Opinion
Case No. 3:04-CV-1097(RNC).
August 25, 2006
RULING AND ORDER
Petitioner, a Connecticut inmate proceeding pro se, brings this action for a writ of habeas corpus pursuant to 28 U.S.C. § 2254 challenging his conviction on charges of possession of narcotics with intent to sell and possession of narcotics within 1500 feet of a school. For the reasons that follow, the petition is denied.
I. Standard of Review
Under § 2254, as amended by the Antiterrorism and Effective Death Penalty Act of 1996, a federal court can grant habeas corpus relief to a state prisoner on a claim adjudicated on the merits in state court only when "adjudication of the claim . . . resulted in a decision that was contrary to, or involved an unreasonable application of, clearly established Federal law, as determined by the Supreme Court of the United States." 28 U.S.C. § 2254(d)(1). For purposes of this statute, federal law is "clearly established" if it is found in holdings of the Supreme Court as of the date of the state court decision. Williams v. Taylor, 529 U.S. 362, 412 (2000). The federal law "may be either a generalized standard enunciated in the Court's case law or a bright-line rule designed to effectuate such a standard in a particular context." Kennaugh v. Miller, 289 F.3d 36, 42 (2d Cir. 2002).
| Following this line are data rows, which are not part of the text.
(* Let $r>0$, $\tau>0$, $\kappa>0$, $p\in[0,1]$ and $\varepsilon=pe^{-\tau}$. Let $\psi=(\psi_S,\psi_I,\psi_Q):[-\tau-\kappa,0]\to\mathbb{R}^3$ be a piecewise continuous function with values in the simplex $\Delta^2=\{u\in\mathbb{R}^3: u_1+u_2+u_3=1,\ u_i\ge 0\}$, and assume \[ \psi_I(0)\ \ge\ rp\int_{-\tau}^{0}e^{\theta}\psi_S(\theta)\psi_I(\theta)\,d\theta,\qquad \psi_Q(0)\ \ge\ r\varepsilon\int_{-\tau-\kappa}^{0}\psi_S(\theta)\psi_I(\theta)\,d\theta . \] Let $x(t;\psi)=(S(t),I(t),Q(t))$, $t\ge 0$, be the solution of the SIQ system with initial history $\psi$. Then $S(t),I(t),Q(t)\ge 0$ and $S(t)+I(t)+Q(t)=1$ for all $t\ge 0$, and $x_t(\psi)\in\tilde{\mathcal{C}}$ for all $t\ge\tau+\kappa$. In particular, if in addition $\psi\in\tilde{\mathcal{C}}$ (i.e. $\psi$ is continuous), then $x_t(\psi)\in\tilde{\mathcal{C}}$ for all $t\ge 0$.
   Context: The SIQ system is the system of delay differential equations \[ \dot S(t)=-rS(t)I(t)+I(t)+r\varepsilon S(t-\tau-\kappa)I(t-\tau-\kappa),\quad \dot I(t)=rS(t)I(t)-I(t)-r\varepsilon S(t-\tau)I(t-\tau), \] \[ \dot Q(t)=r\varepsilon\big[S(t-\tau)I(t-\tau)-S(t-\tau-\kappa)I(t-\tau-\kappa)\big], \] with parameters $r>0,\tau>0,\kappa>0,p\in[0,1]$, $\varepsilon=pe^{-\tau}$. Given an initial history $\psi$ on $[-\tau-\kappa,0]$, $x(t;\psi)$ denotes the solution for $t\ge0$ with $x(\theta;\psi)=\psi(\theta)$ for $\theta\in[-\tau-\kappa,0]$, and $x_t(\psi)(\theta)=x(t+\theta;\psi)$, $\theta\in[-\tau-\kappa,0]$. $\tilde{\mathcal{C}}$ denotes the set of continuous functions $\phi:[-\tau-\kappa,0]\to\mathbb{R}^3$ with $\phi(\theta)\in\Delta^2$ for all $\theta$. *)

From Stdlib Require Import Reals.
From Coquelicot Require Import Coquelicot.
Open Scope R_scope.

Definition Icc (a b : R) (x : R) : Prop := a <= x <= b.

Definition cont_within (f : R -> R) (a b x : R) : Prop :=
  filterlim f (within (Icc a b) (locally x)) (locally (f x)).

Definition continuous_on_Icc (f : R -> R) (a b : R) : Prop :=
  forall x, a <= x <= b -> cont_within f a b x.

Definition piecewise_continuous (f : R -> R) (a b : R) : Prop :=
  (exists l : list R, forall x, a <= x <= b -> ~ List.In x l -> cont_within f a b x)
  /\ (forall c, a < c <= b -> exists L : R, filterlim f (at_left c) (locally L))
  /\ (forall c, a <= c < b -> exists L : R, filterlim f (at_right c) (locally L)).

Definition in_simplex (u1 u2 u3 : R) : Prop :=
  0 <= u1 /\ 0 <= u2 /\ 0 <= u3 /\ u1 + u2 + u3 = 1.

Definition eps (p tau : R) : R := p * exp (- tau).

Definition in_Ctilde (tau kappa : R) (phS phI phQ : R -> R) : Prop :=
  continuous_on_Icc phS (- tau - kappa) 0 /\
  continuous_on_Icc phI (- tau - kappa) 0 /\
  continuous_on_Icc phQ (- tau - kappa) 0 /\
  forall th, - tau - kappa <= th <= 0 -> in_simplex (phS th) (phI th) (phQ th).

Definition seg (x : R -> R) (t : R) : R -> R := fun th => x (t + th).
(* Let $(x_K)_{K\ge1}\subseteq\{0,1\}^{\mathbb Z}$ be a coordinatewise non-increasing sequence with coordinatewise limit $x_\infty$, and suppose $(x_K)$ is good: there is an increasing sequence $(N_i)$ such that for every $K\in\mathbb N\cup\{\infty\}$, $x_K$ is quasi-generic along $(N_i)$ for some measure $\nu_K$ (i.e. $\frac1{N_i}\sum_{n\le N_i}\delta_{\sigma^nx_K}\to\nu_K$ weakly), and $\nu_K(1)\to\nu_\infty(1)$ as $K\to\infty$. Then $\nu_K\to\nu_\infty$ weakly.
   Context: $\sigma$ is the left shift on $\{0,1\}^{\mathbb Z}$; for a measure $\mu$ on $\{0,1\}^{\mathbb Z}$, $\mu(1)=\mu(\{x:x_0=1\})$. *)

From HB Require Import structures.
From mathcomp Require Import all_boot all_order all_algebra.
From mathcomp Require Import all_classical all_reals all_analysis.
Import Order.TTheory GRing.Theory Num.Theory.
Import numFieldNormedType.Exports.
Set Implicit Arguments.
Unset Strict Implicit.
Unset Printing Implicit Defensive.
Local Open Scope classical_set_scope.
Local Open Scope ring_scope.

(** The full shift {0,1}^Z, with 1 encoded as [true], with the product
    (pointwise-convergence) topology of discrete copies of [bool]. *)
Definition Omega : topologicalType := {ptws int -> bool}.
A decision is "contrary to" clearly established federal law "if the state court arrives at a conclusion opposite to that reached by [the Supreme] Court on a question of law" or "confronts facts that are materially indistinguishable from a relevant Supreme Court precedent and arrives at a result opposite to [that precedent]." Williams, 529 U.S. at 405. "In either event, a state court ruling is `contrary to' Supreme Court precedent only if it is `diametrically different,' `opposite in character or nature,' or `mutually opposed' to the precedential holding."Lurie v. Wittner, 228 F.3d 113, 127 (2d Cir. 2000) (quotingWilliams, 529 U.S. at 405). The state court need not identify or be aware of the governing precedent so long as the court's reasoning and result do not contradict it. See Early v. Packer, 537 U.S. 3, 8 (2002).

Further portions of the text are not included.